Results are un run NV037.
Pre-processing data with Cell Ranger. We have a wrapper for this if you don't want to prepare a script for each of your samples.
Check you're taking the right reference genome.
sh /home/ciro/scripts/cellranger_wrappeR/run.sh -h
sh /home/ciro/scripts/cellranger_wrappeR/run.sh -y /home/ciro/simon/scripts/tumor_tfr/SiEs09_cellranger_NV037.yaml -v
Some jobs will be created and you will need to wait a long time.1 Then you run the summary.
sh /home/ciro/scripts/cellranger_wrappeR/run.sh -y /home/ciro/simon/scripts/cellranger_config.yaml -s
You will make use of the ab_capture scripts.
Have the donor metadata if you want to include it in the single-cell metadata. Up yo you if you want it in the object or if you'll make use of it after clustering.

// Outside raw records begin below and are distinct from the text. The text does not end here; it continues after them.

Lemma ord_of_node_inj : injective ord_of_node.
Proof. by move=> u v /(congr1 val); rewrite !ord_of_nodeE => /node_pos_inj. Qed.

Lemma card_node : #|{: node}| = net_size.+1.
Proof.
rewrite (bij_eq_card (f := node_code)); last first.
  by exists node_decode; [apply: node_codeK | apply: node_decodeK].
by rewrite card_option !card_sum card_ord.
Qed.

Lemma ord_of_node_bij : bijective ord_of_node.
Proof. by apply: inj_card_bij ord_of_node_inj _; rewrite card_node card_ord. Qed.

Definition node_of_ord (u : 'I_net_size.+1) : node :=
  odflt output [pick v | ord_of_node v == u].

Lemma ord_of_nodeK : cancel ord_of_node node_of_ord.
Proof.
move=> v; rewrite /node_of_ord; case: pickP => [w /eqP/ord_of_node_inj -> //|].
by move/(_ v); rewrite eqxx.
Qed.

Lemma node_of_ordK : cancel node_of_ord ord_of_node.
Proof. by move=> u; have [g _ gK] := ord_of_node_bij; rewrite -(gK u) ord_of_nodeK. Qed.

Lemma ord_of_node_surj u : exists v, u = ord_of_node v.
Proof. by exists (node_of_ord u); rewrite node_of_ordK. Qed.

Lemma ord_of_node_output : ord_of_node output = ord_max.
Proof. by apply: val_inj; rewrite ord_of_nodeE. Qed.

Lemma d_le_node_pos v : node_layer v != 0 -> d <= node_pos v.
Proof.
move=> lv; have /andP[+ _] := node_pos_layer v; apply: leq_trans.
by apply: (@layer_start_mono 1); case: v lv.
Qed.

Lemma ord_of_node_lt_d v : (ord_of_node v < d) = (node_layer v == 0).
Proof.
rewrite ord_of_nodeE; case: v => [k|p|q|]; first exact: ltn_ord.
all: by apply/negbTE; rewrite -leqNgt d_le_node_pos.
Qed.

Definition net_rel : rel 'I_net_size.+1 :=
  fun u v => node_edge (node_of_ord u) (node_of_ord v).

Lemma net_rel_ord u v : net_rel (ord_of_node u) (ord_of_node v) = node_edge u v.
Proof. by rewrite /net_rel !ord_of_nodeK. Qed.

Definition net_layer (u : 'I_net_size.+1) : nat := node_layer (node_of_ord u).

Lemma card_net_rel :
  #|[set p | net_rel p.1 p.2]| = #|[set p : node * node | node_edge p.1 p.2]|.
Proof.
rewrite -!sum1_card (reindex (fun p => (ord_of_node p.1, ord_of_node p.2))) /=.
  by apply: eq_bigl => -[u v]; rewrite !in_set_pred /= net_rel_ord.
apply: onW_bij; exists (fun p => (node_of_ord p.1, node_of_ord p.2)) => -[u v] /=.
  by rewrite !ord_of_nodeK.
by rewrite !node_of_ordK.
Qed.

Lemma net_nweights :
  nweights d net_rel =
  (#|L1| * d.+1 + #|L2| * d.+2 + #|[set p : L1 * L2 | e12 p.1 p.2]| + #|e1out| + 1)%N.
Proof.
rewrite /nweights card_net_rel !card_rel.
under eq_bigr do rewrite big_node.
rewrite big_node /= !big_split /= !big1_eq (sum1_card L1) !(sum1_card L2).
rewrite !sum_nat_const card_ord.
have -> : #|e1out| = (\sum_p e1out p)%N by rewrite -sum1_card big_mkcond.
(* [set] identifies the syntactically different copies of these terms for [lia]. *)
rewrite /net_size; set n1 := #|L1|; set n2 := #|L2|.
set s12 := (\sum_u \sum_v e12 u v)%N; set s1out := (\sum_p e1out p)%N; lia.
Qed.

Section Architecture.

Hypothesis d_gt0 : (0 < d)%N.
Variable q0 : L2.
Hypothesis hidden2_pred : forall q, exists p, e12 p q.
Hypothesis hidden1_succ : forall p, e1out p || [exists q, e12 p q].

Lemma node_edge_pred v :
  node_layer v != 0%N -> exists2 u, node_edge u v & node_layer u = (node_layer v).-1.
Proof.
case: v => [k|p|q|] //= _.
- by exists (input (Ordinal d_gt0)).
- by have [p epq] := hidden2_pred q; exists (hidden1 p).
- by exists (hidden2 q0).
Qed.

Lemma node_edge_succ u : u != output -> exists v, node_edge u v.
Proof.
case: u => [k|p|q|] //= _.
- by exists (hidden2 q0).
- case/orP: (hidden1_succ p) => [e1p | /existsP[q epq]]; first by exists output.
  by exists (hidden2 q).
- by exists output.
Qed.
Lemma span_mem a : V (u a).
Proof.
apply/V_span; exists (fun b => if b == a then 1 else 0).
apply: functional_extensionality => i; rewrite (bigD1 a) //= eqxx big1 => [|b /negbTE ->]; ring.
Qed.

Lemma orth_compl_span w : (forall a, dot w (u a) = 0) -> orth_compl V w.
Proof.
by move=> w_u v /V_span [c ->]; rewrite dot_lin_comb big1 // => a _; rewrite w_u Rmult_0_r.
Qed.

End Span.

Lemma orth_complZ (V : vec n -> Prop) c x : orth_compl V x -> orth_compl V (vscale c x).
Proof. by move=> x_orth v Vv; rewrite dot_scalel x_orth ?Rmult_0_r. Qed.

Lemma dist_to_set_orth (V : vec n -> Prop) c p : V c -> orth_compl V p ->
  dist_to_set_is V (vadd c p) (vnorm p).
Proof.
move=> Vc p_orth; split=> [_ [v [Vv ->]] | b b_le].
  rewrite /vdist /vnorm; apply: sqrt_le_1_alt.
  have -> : vsub v (vadd c p) = vsub (vsub v c) p.
    by apply: functional_extensionality => i; rewrite /vsub /vadd; ring.
  have v_c_p : dot (vsub v c) p = 0.
    by rewrite dot_subl (dot_comm v) (dot_comm c) (p_orth _ Vv) (p_orth _ Vc); ring.
  by rewrite dot_vsub_vsub v_c_p; have := dot_ge0 (vsub v c); lra.
have -> : vnorm p = vdist c (vadd c p).
  rewrite /vdist; have -> : vsub c (vadd c p) = vscale (-1) p.
    by apply: functional_extensionality => i; rewrite /vsub /vadd /vscale; ring.
  by rewrite /vnorm dot_scalel dot_comm dot_scalel; congr sqrt; ring.
by apply: b_le; exists c.
Qed.

Lemma sqrt2_le_vdist_orth (V : vec n -> Prop) a c p s : V c ->
  orth_compl V a -> orth_compl V p -> dot a p = 0 ->
  0 <= s -> s <= vnorm a -> s <= vnorm p -> sqrt 2 * s <= vdist a (vadd c p).
Proof.
move=> Vc a_orth p_orth ap s_ge0 s_a s_p.
have sq_le x : s <= vnorm x -> s * s <= dot x x.
  move=> s_x; rewrite -(sqrt_sqrt (dot x x)); last exact: dot_ge0.
  by apply: Rmult_le_compat.
rewrite /vdist; have -> : vsub a (vadd c p) = vsub (vsub a p) c.
  by apply: functional_extensionality => i; rewrite /vsub /vadd; ring.
rewrite /vnorm dot_vsub_vsub (dot_subl a p c) (a_orth _ Vc) (p_orth _ Vc) dot_vsub_vsub ap.
rewrite -(sqrt_square s) // -sqrt_mult; [|lra | exact: Rmult_le_pos].
apply: sqrt_le_1_alt.
by have := sq_le _ s_a; have := sq_le _ s_p; have := dot_ge0 c; lra.
Qed.

Lemma length_ge_vdist (p : R -> vec n) c : c <= vdist (p 0) (p 1) -> length_ge p c.
Proof.
move=> c_le M M_ub; apply: Rle_trans c_le _.
by have := M_ub [:: 1] (conj (Rle_0_1) erefl); rewrite /= Rplus_0_r.
Qed.

Lemma length_ge_sqrt2_orth_ends (V : vec n -> Prop) (sigma : R -> vec n) a c p s :
  V vzero -> V c -> orth_compl V a -> orth_compl V p -> dot a p = 0 ->
  sigma 0 = a -> sigma 1 = vadd c p ->
  is_glb (fun r => exists t, 0 <= t <= 1 /\ dist_to_set_is V (sigma t) r) s -> 0 < s ->
  length_ge sigma (sqrt 2 * s).
Proof.
move=> V0 Vc a_orth p_orth ap sigma0 sigma1 [s_lb _] s_gt0.
have s_le t x d : 0 <= t <= 1 -> sigma t = x -> dist_to_set_is V x d -> s <= d.
  by move=> t01 <- dist_x; apply: s_lb; exists t.
have chord : sqrt 2 * s <= vdist (sigma 0) (sigma 1).
  rewrite sigma1 {1}sigma0; apply: (sqrt2_le_vdist_orth Vc a_orth p_orth ap); first lra.
  - apply: (s_le 0 (vadd vzero a)); first lra; first by rewrite vadd0l.
    exact: (dist_to_set_orth V0 a_orth).
  - by apply: (s_le 1 _ _ _ sigma1 (dist_to_set_orth Vc p_orth)); lra.
exact (length_ge_vdist chord).
Qed.
Lemma quot_iso_proj_along :
  quot_iso (isum J1 A) J1 (isum J2 A) J2 (proj_along J1 A).
Proof.
split; last split.
- by move=> x /fA; apply: isum_subr.
- move=> x y Ix Iy Jxy; apply: (eqmod12 (fA Ix) (fA Iy)).
  exact: (eqmod_trans idJ1 (fJ' Ix) (eqmod_trans idJ1 Jxy (fJ Iy))).
- move=> x y Ix Iy /(eqmod21 (fA Ix) (fA Iy)) Jfxy.
  exact: (eqmod_trans idJ1 (fJ Ix) (eqmod_trans idJ1 Jfxy (fJ' Iy))).
- move=> _ [j [a [Jj Aa ->]]].
  have Ia : I1 a by apply: isum_subr.
  exists a; split => //; apply: (eqmod_trans idJ2 (y := a)).
  + by rewrite /eqmod addrK.
  + exact: eqmod12 Aa (fA Ia) (fJ Ia).
- move=> x y Ix Iy; have Ixy := idealD idI1 Ix Iy.
  apply: (eqmod12 (fA Ixy) (idealD idA (fA Ix) (fA Iy))).
  exact: (eqmod_trans idJ1 (fJ' Ixy) (eqmodD idJ1 (fJ Ix) (fJ Iy))).
- move=> x y Ix Iy; have Ixy := idealMr idI1 y Ix.
  apply: (eqmod12 (fA Ixy) (idealMr idA _ (fA Ix))).
  exact: (eqmod_trans idJ1 (fJ' Ixy) (eqmodM idJ1 (fJ Ix) (fJ Iy))).
- move=> r x Ix; have Irx := idealMl idI1 r Ix.
  apply: (eqmod12 (fA Irx) (idealMl idA r (fA Ix))).
  exact: (eqmod_trans idJ1 (fJ' Irx) (eqmodMl idJ1 r (fJ Ix))).
- move=> r x Ix; have Ixr := idealMr idI1 r Ix.
  apply: (eqmod12 (fA Ixr) (idealMr idA r (fA Ix))).
  exact: (eqmod_trans idJ1 (fJ' Ixr) (eqmodMr idJ1 r (fJ Ix))).
Qed.

End SecondIsomorphism.

End IdealTheory.

Lemma setI_sub_of_setD_eq {T : Type} {U1 V1 U2 V2 : set T} :
  U1 `\` V1 = U2 `\` V2 -> U1 `&` V2 `<=` V1.
Proof.
move=> eqD p [U1p V2p]; apply: contrapT => nV1p.
by have [] : (U2 `\` V2) p by rewrite -eqD.
Qed.

Lemma setU_setI_of_setD_eq {T : Type} {U1 V1 U2 V2 : set T} :
  V1 `<=` U1 -> U1 `\` V1 = U2 `\` V2 -> U1 = V1 `|` (U1 `&` U2).
Proof.
move=> V1U1 eqD; apply/seteqP; split => p; last by case=> [/V1U1|[]].
move=> U1p; have [|nV1p] := pselect (V1 p); first by left.
by right; split => //; have [] : (U2 `\` V2) p by rewrite -eqD.
Qed.

Section JacobsonSections.
Context {R : pzRingType}.
Variable S : set (set R).
Hypothesis gS : good_family S.
Implicit Types (U V W : set (set R)) (p : set R).

Lemma Spec_ideal p : Spec S p -> is_ideal p.
Proof. by case=> Sp _ _; apply: gS.1. Qed.

Lemma sect_ideal U : is_ideal (sect S U).
Proof. by apply: bigcap_ideal => p [/Spec_ideal]. Qed.

Lemma S_sect U : S (sect S U).
Proof. by have [_ [_ [_ [S_bigcap _]]]] := gS; apply: S_bigcap => p [[]]. Qed.

Lemma le_sect U V : U `<=` V -> sect S U `<=` sect S V.
Proof. by move=> UV x Ux p [Sp nVp]; apply: Ux; split => // /UV. Qed.

Lemma sectI_le U V W : U `&` V `<=` W -> sect S U `&` sect S V `<=` sect S W.
Proof.
move=> UVW x [Ux Vx] p [Sp nWp].
have [Up|nUp] := pselect (U p); last exact: Ux.
have [Vp|nVp] := pselect (V p); last exact: Vx.
by case: nWp; apply: UVW.
Qed.

Lemma sectI U V : sect S (U `&` V) = sect S U `&` sect S V.
Proof.
apply/seteqP; split; last exact: sectI_le.
by move=> x UVx; split; apply: le_sect UVx => p [].
Qed.

Lemma jopen_notin {U p} : jopen S U -> Spec S p -> sect S U `<=` p -> ~ U p.
Proof.
move=> [_ clU] Sp le_p; have : jclosure S (scompl S U) p by [].
by rewrite clU => -[].
Qed.

Lemma jopenI U V : jopen S U -> jopen S V -> jopen S (U `&` V).
Proof.
move=> oU oV; split; first by move=> p [/oU.1].
apply/seteqP; split => p; last by move=> [Sp nUVp]; split => // x; apply.
move=> [Sp le_p]; split => // -[Up Vp].
have [_ _ prime_p] := Sp.
have UV_p : iprod (sect S U) (sect S V) `<=` p.
  move=> x UVx; apply: le_p; apply: UVx; first exact: sect_ideal.
  move=> a b Ua Vb; rewrite -/(sect S (U `&` V)) sectI; split.
  - exact: (idealMr (sect_ideal U) b Ua).
  - exact: (idealMl (sect_ideal V) a Vb).
by case: (prime_p _ _ (S_sect U) (S_sect V) UV_p) => /(jopen_notin _ Sp); apply.
Qed.

Definition sect_transfer U1 V1 U2 : R -> R :=
  proj_along (sect S V1) (sect S (U1 `&` U2)).

Hypothesis ker_hull : forall I, S I -> I = ker [set p | Spec S p /\ I `<=` p].

Lemma sectU U V :
  jopen S U -> jopen S V -> sect S (U `|` V) = isum (sect S U) (sect S V).
Proof.
move=> oU oV; apply/seteqP; split => x; last first.
  move=> [a [b [Ua Vb ->]]]; apply: (idealD (sect_ideal _)).
  - by apply: le_sect Ua => p; left.
  - by apply: le_sect Vb => p; right.
have S_UV : S (isum (sect S U) (sect S V)) by apply: gS.2.1; apply: S_sect.
move=> UVx; rewrite (ker_hull _ S_UV) => p [Sp le_p].
apply: UVx; split => // -[Up|Vp].
- apply: jopen_notin oU Sp _ Up => a Ua; apply: le_p.
  by apply: isum_subl => //; apply: sect_ideal.
- apply: jopen_notin oV Sp _ Vp => b Vb; apply: le_p.
  by apply: isum_subr => //; apply: sect_ideal.
Qed.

Check the hashtag structure is correct (eg. donor~hashtag_n~hashtag_id corresponds to "DONOR1-TSC5-C0305"). This is derived from the feature names (indicated in the column "names" when you run Cell Ranger).
sh /home/ciro/scripts/ab_capture/run.sh -y /home/ciro/simon/scripts/tumor_tfr/SiEs09_ab_capture.yaml -v
Rscript /home/ciro/scripts/ab_capture/summary.R -c /home/ciro/large/simon/results/ab_demux/SiEs09_100th \
--tag_str time_days~donor~hashtag_n~hashtag_id # d11-I-TSC1-C0301
Jobs will be created and you'll need to wait a few minutes.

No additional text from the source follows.